Health managers have suspended plans to shut a community hospital after it emerged that they might not own the building.

County Durham and Darlington Acute Hospitals NHS Trust is considering closing down South Moor Community Hospital near Stanley, and selling off the land for housing.

But residents fighting to save the hospital believe the NHS does not own the site, saying it was left to them by the miners who built it.

Campaigner Garry Reed said: "The trust claims the land is theirs, but have not got the deeds to the land. They have tried to close this site four times and have always failed in the past."

The protestors say there is also a covenant on the deeds that states the site can only be used for a hospital, and decrees that the land cannot be sold for profit or gain.

Publicly, the trust is saying it is confident that it does own the building. But privately, officials have admitted they cannot find the deeds to the land, fuelling speculation that it is not NHS property.

Health chiefs have launched an internal investigation to find out who does own the land, and who has the deeds.

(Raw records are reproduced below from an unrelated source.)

Lemma flow_chart_opp lo hi (G H : R -> R) :
  (forall x, H x = - G x) -> flow_chart lo hi G -> flow_chart lo hi H.
Proof.
  intros EH [[_ [Ginj Gsurj]]
    [Ginv [Ginv_G [G_Ginv [[Ginv_maps [Ginv_inj Ginv_surj]] Hshift]]]]].
  split.
  { split; [now intros | split].
    - intros x1 x2 I1 I2 E. apply Ginj; auto. rewrite !EH in E. lra.
    - intros r _. destruct (Gsurj (- r) I) as [x [Ix Ex]].
      exists x. rewrite EH. split; [exact Ix | lra]. }
  exists (fun r => Ginv (- r)). split; [|split; [|split]].
  - intros x Ix. rewrite EH, Ropp_involutive. auto.
  - intros r. rewrite EH, G_Ginv. ring.
  - split; [intros r _; apply Ginv_maps; exact I | split].
    + intros r1 r2 _ _ E. apply Ginv_inj in E; [lra | exact I | exact I].
    + intros x Ix. destruct (Ginv_surj x Ix) as [r [_ Er]].
      exists (- r). rewrite Ropp_involutive. auto.
  - intros y. destruct (Hshift (- y)) as [Hbij [Hlo Hhi]].
    assert (E : forall x, Ginv (G x + - y) = Ginv (- (H x + y))).
    { intros x. rewrite EH. f_equal. ring. }
    split; [|split].
    + exact (bij_on_ext _ _ _ _ E Hbij).
    + exact (filterlim_ext _ _ E Hlo).
    + exact (filterlim_ext _ _ E Hhi).
Qed.

Lemma lipschitz_with_pos (sigma : R -> R) :
  lipschitz sigma ->
  exists L, 0 < L /\ lipschitz_with L sigma.
Proof.
  intros [L0 HL0]. exists (Rabs L0 + 1). split; [pose proof (Rabs_pos L0); lra|].
  intros x y. pose proof (HL0 x y). pose proof (Rle_abs L0).
  pose proof (Rabs_pos (x - y)). nra.
Qed.

Lemma lipschitz_continuity (sigma : R -> R) (L : R) :
  0 < L -> lipschitz_with L sigma ->
  continuity sigma.
Proof.
  intros HL Hlip x eps Heps. exists (eps / L).
  split; [apply Rdiv_lt_0_compat; lra|]. intros y [_ Hy]. simpl in *.
  unfold R_dist in *. apply (Rle_lt_trans _ (L * Rabs (y - x))); [apply Hlip|].
  apply (Rmult_lt_compat_l L) in Hy; [|exact HL].
  replace (L * (eps / L)) with eps in Hy by (field; lra). exact Hy.
Qed.

Lemma sign_constant_on (sigma : R -> R) lo hi a :
  continuity sigma -> (forall x, between lo hi x -> sigma x <> 0) -> between lo hi a ->
  (forall x, between lo hi x -> 0 < sigma x) \/ (forall x, between lo hi x -> sigma x < 0).
Proof.
  intros Hc Hnz Ia.
  assert (Hsame : forall x, between lo hi x -> 0 < sigma a * sigma x).
  { intros x Ix. destruct (Rlt_or_le 0 (sigma a * sigma x)) as [Hpos|Hle]; [exact Hpos|].
    exfalso. destruct (IVT_gen sigma a x 0 Hc) as [c [Hc' Hc0]].
    { unfold Rmin, Rmax. destruct (Rle_dec _ _); split; nra. }
    apply (Hnz c); [|exact Hc0].
    apply (between_convex _ _ (Rmin a x) (Rmax a x)); [apply Rmin_case | apply Rmax_case | ];
      auto. }
  destruct (Rlt_or_le 0 (sigma a)); [left | right]; intros x Ix;
    pose proof (Hsame x Ix); nra.
Qed.
Lemma reflection_tr (R : pzRingType) N (P : 'M[R]_N) :
  P^T = P -> (reflection P)^T = reflection P.
Proof. by move=> sym_P; rewrite /reflection linearB linearZ /= sym_P trmx1. Qed.

Section TwoProjections.
Variables (R : comPzRingType) (N : nat) (P Q E : 'M[R]_N) (a : R).
Hypotheses (PP : P *m P = P) (QQ : Q *m Q = Q)
  (PE : P *m E = E) (EP : E *m P = E) (QE : Q *m E = E) (EQ : E *m Q = E)
  (PQP : P *m Q *m P = a *: P + (1 - a) *: E).

Let mulmx_left (B C D : 'M[R]_N) :
  B *m C = D -> forall M : 'M[R]_N, M *m B *m C = M *m D.
Proof. by move=> BCD M; rewrite -mulmxA BCD. Qed.
Let PQP_left (M : 'M[R]_N) : M *m P *m Q *m P = M *m (a *: P + (1 - a) *: E).
Proof. by rewrite -!mulmxA (mulmxA P) PQP. Qed.
Let PP_left := mulmx_left PP.
Let QQ_left := mulmx_left QQ.
Let PE_left := mulmx_left PE.
Let EP_left := mulmx_left EP.
Let QE_left := mulmx_left QE.
Let EQ_left := mulmx_left EQ.

Local Ltac reduce := repeat first
  [ rewrite mulmxDl | rewrite mulmxDr | rewrite mulmxBl | rewrite mulmxBr
  | rewrite mulNmx | rewrite mulmxN | rewrite mul1mx | rewrite mulmx1
  | rewrite mulmxA | rewrite scalerA | rewrite scalerDr | rewrite scalerBr
  | rewrite scalerN | rewrite scaleNr | rewrite -scalemxAl | rewrite -scalemxAr
  | rewrite PQP | rewrite PQP_left | rewrite PP | rewrite PP_left
  | rewrite QQ | rewrite QQ_left | rewrite PE | rewrite PE_left
  | rewrite EP | rewrite EP_left | rewrite QE | rewrite QE_left
  | rewrite EQ | rewrite EQ_left ].

Local Notation X := (reflection P).
Local Notation Y := (reflection Q).
Local Notation K := (P *m Q - Q *m P).

Lemma reflection_word_skew :
  X *m Y *m X *m Y - Y *m X *m Y *m X = (16%:R * a - 8%:R) *: K.
Proof. by rewrite /reflection; reduce; apply/matrixP => i j; rewrite !mxE; ring. Qed.

Lemma reflection_word_sym :
  X *m Y *m X *m Y + Y *m X *m Y *m X = 16%:R *: (K *m K) + 2%:R *: 1%:M.
Proof. by rewrite /reflection; reduce; apply/matrixP => i j; rewrite !mxE; ring. Qed.

Lemma proj_commutator_cube : K *m K *m K = - (a * (1 - a)) *: K.
Proof. by reduce; apply/matrixP => i j; rewrite !mxE; ring. Qed.

End TwoProjections.

Section SpectralCalculus.
Variables (R : realType) (N p : nat) (F : 'I_p -> 'M[R[i]]_N).
Hypotheses (F_neq0 : forall r, F r != 0)
  (F_orth : forall r s, F r *m F s = if r == s then F r else 0)
  (F_sum : \sum_(r < p) F r = 1%:M).

Definition spec_mx (d : 'I_p -> R[i]) : 'M[R[i]]_N := \sum_(r < p) d r *: F r.

Lemma spec_mx_mulF d s : spec_mx d *m F s = d s *: F s.
Proof.
rewrite /spec_mx mulmx_suml (bigD1 s) //= -scalemxAl F_orth eqxx big1 ?addr0 //.
by move=> r /negbTE rs; rewrite -scalemxAl F_orth rs scaler0.
Qed.

Lemma spec_mx_inj d d' : spec_mx d = spec_mx d' -> d =1 d'.
Proof.
move=> dd' s; apply/eqP; have := spec_mx_mulF d s.
rewrite dd' spec_mx_mulF => /eqP; rewrite -subr_eq0 -scalerBl scalemx_eq0.
by rewrite (negbTE (F_neq0 s)) orbF subr_eq0 eq_sym.
Qed.

Lemma spec_mxM d d' : spec_mx d *m spec_mx d' = spec_mx (fun r => d r * d' r).
Proof.
rewrite [spec_mx d']/spec_mx mulmx_sumr; apply: eq_bigr => r _.
by rewrite -scalemxAr spec_mx_mulF scalerA mulrC.
Qed.

Lemma spec_mxD d d' : spec_mx d + spec_mx d' = spec_mx (fun r => d r + d' r).
Proof. by rewrite /spec_mx -big_split; apply: eq_bigr => r _; rewrite scalerDl. Qed.

Lemma spec_mxB d d' : spec_mx d - spec_mx d' = spec_mx (fun r => d r - d' r).
Proof. by rewrite /spec_mx -sumrB; apply: eq_bigr => r _; rewrite scalerBl. Qed.

Lemma spec_mxZ k d : k *: spec_mx d = spec_mx (fun r => k * d r).
Proof. by rewrite /spec_mx scaler_sumr; apply: eq_bigr => r _; rewrite scalerA. Qed.

Lemma spec_mx1 : 1%:M = spec_mx (fun _ => 1).
Proof. by rewrite /spec_mx -F_sum; apply: eq_bigr => r _; rewrite scale1r. Qed.

Hypothesis F_herm : forall r i j, F r j i = (F r i j)^*.

Lemma spec_mx_adjoint d : map_mx conjc (spec_mx d)^T = spec_mx (fun r => (d r)^*).
Proof.
apply/matrixP => i j; rewrite !mxE !summxE rmorph_sum; apply: eq_bigr => r _.
by rewrite !mxE rmorphM /= F_herm conjcK.
Qed.

End SpectralCalculus.

Lemma angle_from_cos_cases (R : realType) (t c : R) :
  - pi < t <= pi -> -1 < c < 1 -> (cos t = 1 \/ cos t = c) ->
  t = acos c / sin (acos c) * sin t.
Proof.
move=> /andP[t_gt t_le] /andP[c_gt c_lt] cos_t.
have sin_acos_gt0 : 0 < sin (acos c) by rewrite sin_acos ?sqrtr_gt0; nra.
have pi_gt0 : 0 < pi :> R := pi_gt0 R.
(* acos inverts cos on [0, pi]; for t < 0 apply this to -t *)
wlog t_ge0 : t t_gt t_le cos_t / 0 <= t.
  move=> wlog_t; have [|t_lt0] := lerP 0 t; first exact: wlog_t.
  rewrite -[t]opprK sinN mulrN; congr (- _); apply: wlog_t; rewrite ?cosN //; lra.
have acos_cos : acos (cos t) = t by rewrite cosK // in_itv /= t_ge0.
case: cos_t => cos_t.
  by move: acos_cos; rewrite cos_t acos1 => <-; rewrite sin0 mulr0.
by rewrite -cos_t acos_cos divfK // -acos_cos cos_t gt_eqF.
Qed.

Lemma eigen_angle (R : realType) (t g b : R) (k : R[i]) :
  - pi < t <= pi -> g != 0 -> 0 < b < 4%:R^-1 ->
  expi t - (expi t)^* = g%:C * k ->
  expi t + (expi t)^* = (16%:R : R)%:C * (k * k) + (2%:R : R)%:C ->
  k * k * k = (- b)%:C * k ->
  'i * t%:C =
  (g / 2%:R * (acos (1 - 8%:R * b) / sin (acos (1 - 8%:R * b))))%:C * k.
Proof.
move=> t_range g_neq0 /andP[b_gt0 b_lt] diffE sumE cubeE.
case: k diffE sumE cubeE => k1 k2.
move=> /eqP; rewrite eq_complex /= => /andP[/eqP diff1 /eqP diff2].
move=> /eqP; rewrite eq_complex /= => /andP[/eqP sum1 _].
move=> /eqP; rewrite eq_complex /= => /andP[_ /eqP cube2].
have k1_0 : k1 = 0.
  have : g * k1 = 0 by lra.
  by move/eqP; rewrite mulf_eq0 (negbTE g_neq0) => /eqP.
have k2E : k2 = 2%:R * sin t / g.
  by apply: (mulfI g_neq0); rewrite mulrCA mulfV // mulr1; rewrite k1_0 in diff2; lra.
rewrite k1_0 in sum1 cube2.
have cos_cases : cos t = 1 \/ cos t = 1 - 8%:R * b.
  have : k2 * (k2 ^+ 2 - b) = 0 by rewrite mulrBr -exprS; lra.
  by move/eqP; rewrite mulf_eq0 => /orP[] /eqP k2_eq; [left | right]; nra.
have c_range : -1 < 1 - 8%:R * b < 1 by apply/andP; split; lra.
have tE := angle_from_cos_cases t_range c_range cos_cases.
apply/eqP; rewrite eq_complex /= k1_0 k2E {1}tE !mulr0 !mul0r subr0 addr0 eqxx /=.
have sin_neq0 : sin (acos (1 - 8%:R * b)) != 0.
  by rewrite sin_acos ?gt_eqF ?sqrtr_gt0 //; [nra | apply/andP; split; lra].
by apply/eqP; rewrite add0r mul1r {1}tE; field; rewrite g_neq0.
Qed.

Local Notation toC := (map_mx (fun x => x%:C)).

Lemma principal_hamiltonian_skew (R : realType) N (W K : 'M[R]_N) (g b : R) :
  g != 0 -> 0 < b < 4%:R^-1 ->
  W - W^T = g *: K ->
  W + W^T = 16%:R *: (K *m K) + 2%:R *: 1%:M ->
  K *m K *m K = - b *: K ->
  forall H, principal_hamiltonian (toC W) H -> exists nu : R, 'i *: H = toC (nu *: K).
Proof.
move=> g_neq0 b_range skewE symE cubeE H.
move=> [p [t [F [_ [t_range [F_neq0 [F_herm [F_orth [F_sum [WE HE]]]]]]]]]].
pose e r := expi (t r).
pose k r := (g%:C)^-1 * (e r - (e r)^*).
have {}WE : toC W = spec_mx F e by [].
have WtE : toC W^T = spec_mx F (fun r => (e r)^*).
  rewrite -(spec_mx_adjoint F_herm) -WE.
  by apply/matrixP => i j; rewrite !mxE conjc_real.
have KE : toC K = spec_mx F k.
  have -> : K = g^-1 *: (W - W^T) by rewrite skewE scalerA mulVf ?scale1r.
  by rewrite map_mxZ map_mxB WE WtE spec_mxB spec_mxZ /= fmorphV.
have diffE r : e r - (e r)^* = g%:C * k r.
  by rewrite /k mulVKf // fmorph_eq0.
have cube_k r : k r * k r * k r = (- b)%:C * k r.
  have := congr1 toC cubeE; rewrite !map_mxM map_mxZ KE !(spec_mxM F_orth) spec_mxZ.
  by move/(spec_mx_inj F_neq0 F_orth).
have sumE r : e r + (e r)^* = (16%:R : R)%:C * (k r * k r) + (2%:R : R)%:C.
  have := congr1 toC symE.
  rewrite map_mxD WE WtE spec_mxD map_mxD !map_mxZ map_mxM KE (spec_mxM F_orth).
  rewrite map_mx1 (spec_mx1 F_sum) !spec_mxZ spec_mxD.
  by move/(spec_mx_inj F_neq0 F_orth) => ->; rewrite mulr1.
exists (g / 2%:R * (acos (1 - 8%:R * b) / sin (acos (1 - 8%:R * b)))).
rewrite HE map_mxZ KE spec_mxZ scaler_sumr; apply: eq_bigr => r _.
rewrite scalerA; congr (_ *: _).
exact: eigen_angle (t_range r) g_neq0 b_range (diffE r) (sumE r) (cube_k r).
Qed.

Lemma inv_sqr_bounds (R : realFieldType) (m : R) : 3%:R <= m ->
  16%:R * (m * m)^-1 - 8%:R != 0 /\ 0 < (m * m)^-1 * (1 - (m * m)^-1) < 4%:R^-1.
Proof.
move=> m_ge3; set a := (m * m)^-1.
have a_gt0 : 0 < a by rewrite invr_gt0 mulr_gt0 // (lt_le_trans _ m_ge3).
have a_le : a * 9%:R <= 1.
  have m_neq0 : m != 0 by rewrite gt_eqF // (lt_le_trans _ m_ge3).
  have am : a * (m * m) = 1 by rewrite mulVf // mulf_neq0.
  have mm_ge9 : 9%:R <= m * m by nra.
  nra.
split; first by apply/eqP; lra.
by apply/andP; split; [apply: mulr_gt0 => //; lra | nra].
Qed.

Section HDigraph.
Variables (R : realType) (n : nat) (rho : {perm (arcK n)}).
Local Notation AT := (arcK n * bool)%type.
Local Notation F := (face_of (face_succ rho)).
Local Notation vfs := (voltage_face_succ rho (@vol_nonid n)).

The issue of ownership emerged at a meeting in Craghead, near Stanley, over the building of a multi-purpose health centre planned for Stanley town centre.

Residents are being consulted over the closure of the South Moor hospital, with all services to be transferred to the new centre.

In 1992, plans to close the hospital were shelved after a huge protest led by the late former Durham county councillor, Len James.

Holmside and South Moor Miners' Welfare Fund Hospital opened in 1927. It cost £29,000 and was built on land gifted by the South Moor Coal Company.

The cash was raised through the Mining Act of 1920, where the Government charged coal merchants a penny on every tonne extracted and the money was spent on bettering mining communities.

A penny was also taken off every miners' ticket, to pay for the wages of the hospital staff.

Originally the land and building was left in trust to the people of the Stanley area. It was incorporated into the NHS in 1948, but it remains unclear whether the deeds to the land were also passed on.

A spokesman for the acute hospitals NHS trust said: "The possibility of a restrictive covenant placed on the South Moor Community Hospital site has been raised with the Trust - we are currently looking into this. The most important consideration is to make sure that the people of Stanley receive twenty-first century care in twenty-first century facilities."